She says that people who go into medicine are generally altruistic, one way or another.

"It's not for the money, it can't be. Even if it is initially, that idea would get beaten out of them in residency."

Whether this is true for all doctors or not, it certainly is for this one.

Seema Kaur is a resident doctor at the George Washington University Medical Center, Washington D.C., but her altruistic desires recently landed her in the Amazon - for four weeks.

"I love my work and my patients here, but I feel people get better despite us not because of us. There is something about going and doing something for people who really need you. It's like you or nothing."

After researching various programs on the internet, Seema found the kind of program she was looking for: one that was only a month long, that her residency program would give credit for, that was not tied to missionary work, and that had a working infrastructure to support the doctors.

This September, internal medicine resident Seema Kaur traveled 36 hours to work as a physician in a medical clinic run by Fundacao Esperanca, located one thousand miles up the Amazon River in a town called Santarem. Santarem is the third largest city in the Brazilian Amazon and sits on the Tapajos and Amazon Rivers.

The people of Santarem are poor and cannot afford medical care. Fundacao Esperanca, Portuguese for "Hope Foundation," is a non-profit clinic supported by local and international donations and nominal fees. This is where Seema and another resident doctor from George Washington University worked for three weeks. She then headed even further into the Amazon for another week - alone.


Urban medicine…

The clinic grounds were beautiful with flowering trees, exotic birds, and monkeys. It was sparsely equipped for dentistry and surgery when volunteers were available. The doctors were given a few medical texts, a basic laboratory, and a limited pharmacy.
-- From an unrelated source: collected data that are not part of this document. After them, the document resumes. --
(* Let $\kappa\in(0,1)$, $\tau>0$, $\Omega\in\mathbb{R}\setminus\{0\}$ and $W>0$ be independent parameters, and let $\Psi(P)=1$ if $|P|<W$ and $\Psi(P)=0$ otherwise. Consider the eigenvalue problem $$\tau\lambda\,Z(P)=\tau\Omega\,Z'(P)-Z(P)+\kappa^{-1}\Psi(P)Z(P)-\kappa^{-1}\int_{-\infty}^{\infty}\Psi(Q)Z(Q)\,dQ,\qquad P\in\mathbb{R},$$ for $\lambda\in\mathbb{C}$ and $Z:\mathbb{R}\to\mathbb{C}$ continuous, growing at most linearly, and satisfying the equation on $\mathbb{R}\setminus\{-W,W\}$. Call $\lambda$ an eigenvalue if there is a nontrivial such $Z$. Then: (i) A complex number $\lambda$ with $\operatorname{Re}(\tau\lambda)<-1$ is an eigenvalue if and only if $$\exp\Big(\frac{\kappa\tau\lambda+\kappa-1}{\kappa\tau|\Omega|}\,2W\Big)-1=\frac{(\kappa\tau\lambda+\kappa)(\kappa\tau\lambda+\kappa-1)(\kappa\tau\lambda+\kappa-1+2W)}{\kappa\tau|\Omega|}.$$ (ii) For every $\lambda\in\mathbb{C}$ with $\operatorname{Re}(\tau\lambda)=-1$ there exists a corresponding eigenfunction. (iii) A complex number $\lambda$ with $\operatorname{Re}(\tau\lambda)>-1$ is an eigenvalue if and only if both $$1-\exp\Big(-\frac{\kappa\tau\lambda+\kappa-1}{\kappa\tau|\Omega|}\,2W\Big)=\frac{(\kappa\tau\lambda+\kappa)(\kappa\tau\lambda+\kappa-1)(\kappa\tau\lambda+\kappa-1+2W)}{\kappa\tau|\Omega|}$$ and $\tau\lambda\neq(1-\kappa)/\kappa$ hold. Moreover, all eigenvalues in the cases (i) and (iii) are simple and have bounded eigenfunctions.
   Context: This eigenvalue problem is the linearization, in a comoving frame $P=p-\tfrac12(\Xi_-+\Xi_+)-\Omega t$ with $z(t,p)=e^{\lambda t}Z(P)$, of the mean-field particle dynamics $\tau\partial_t x=\sigma(t)+\delta(p-\tfrac12)-H'(x)$ (with trilinear $H'$ having spinodal region $[-\kappa,\kappa]$) around a traveling wave of speed $\Omega$ whose spinodal stripe has half width $W$. In this statement, however, $W$ is not required to satisfy any traveling-wave relation. The set in (ii) is called the continuous spectrum. *)

From Stdlib Require Import Reals.
From Coquelicot Require Export Coquelicot.
Export Rdefinitions.
Open Scope R_scope.

Definition Cexp (z : C) : C :=
  (exp (Re z) * cos (Im z), exp (Re z) * sin (Im z)).

Definition Psi (W P : R) : R := if Rlt_dec (Rabs P) W then 1 else 0.

(* Since Psi is the indicator of (-W,W), int_R Psi Z = int_{-W}^{W} Z. *)
Definition eig_solution (kappa tau Omega W : R) (lam : C) (Z : R -> C) : Prop :=
  (forall P, continuous Z P) /\
  (exists K : R, forall P, Cmod (Z P) <= K * (1 + Rabs P)) /\
  exists I : C, is_RInt Z (- W) W I /\
  forall P, P <> W -> P <> - W ->
    exists dZ : C, is_derive Z P dZ /\
      (RtoC tau * lam * Z P =
       RtoC (tau * Omega) * dZ - Z P + RtoC (/ kappa * Psi W P) * Z P
       - RtoC (/ kappa) * I)%C.

Definition eigenfunction kappa tau Omega W lam (Z : R -> C) : Prop :=
  eig_solution kappa tau Omega W lam Z /\ exists P, Z P <> RtoC 0.

Definition is_eigenvalue kappa tau Omega W (lam : C) : Prop :=
  exists Z, eigenfunction kappa tau Omega W lam Z.

(* simple: the solution space is one-dimensional (geometric simplicity) *)
Definition simple_eigenvalue kappa tau Omega W (lam : C) : Prop :=
  exists Z0, eigenfunction kappa tau Omega W lam Z0 /\
   forall Z, eig_solution kappa tau Omega W lam Z ->
     exists c : C, forall P, Z P = (c * Z0 P)%C.

Definition bounded_fun (Z : R -> C) : Prop :=
  exists M : R, forall P, Cmod (Z P) <= M.

Definition char_rhs kappa tau Omega W (lam : C) : C :=
  ((RtoC kappa * RtoC tau * lam + RtoC kappa)
   * (RtoC kappa * RtoC tau * lam + RtoC kappa - RtoC 1)
   * (RtoC kappa * RtoC tau * lam + RtoC kappa - RtoC 1 + RtoC (2 * W))
   / RtoC (kappa * tau * Rabs Omega))%C.

Definition char_arg kappa tau Omega W (lam : C) : C :=
  ((RtoC kappa * RtoC tau * lam + RtoC kappa - RtoC 1)
   / RtoC (kappa * tau * Rabs Omega) * RtoC (2 * W))%C.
The clinic provided a lot of preventive health for the locals. Most of the medical problems arose from intestinal parasites caused by unclean drinking water. So once a month, the doctors would go to the nearby villages and talk about a preventive measure such as how to boil water - basic stuff.

The people live off the land and water. They eat fish, crocodiles, wild boar, and a lot of fruit. It is not completely nutritious and they have a lot of malnutrition problems. As another preventive measure, they showed them how to cook a healthy meal. They got all the mothers together, ones with young children, and taught them how to make a nutritious soup. They cooked it together and ate it together.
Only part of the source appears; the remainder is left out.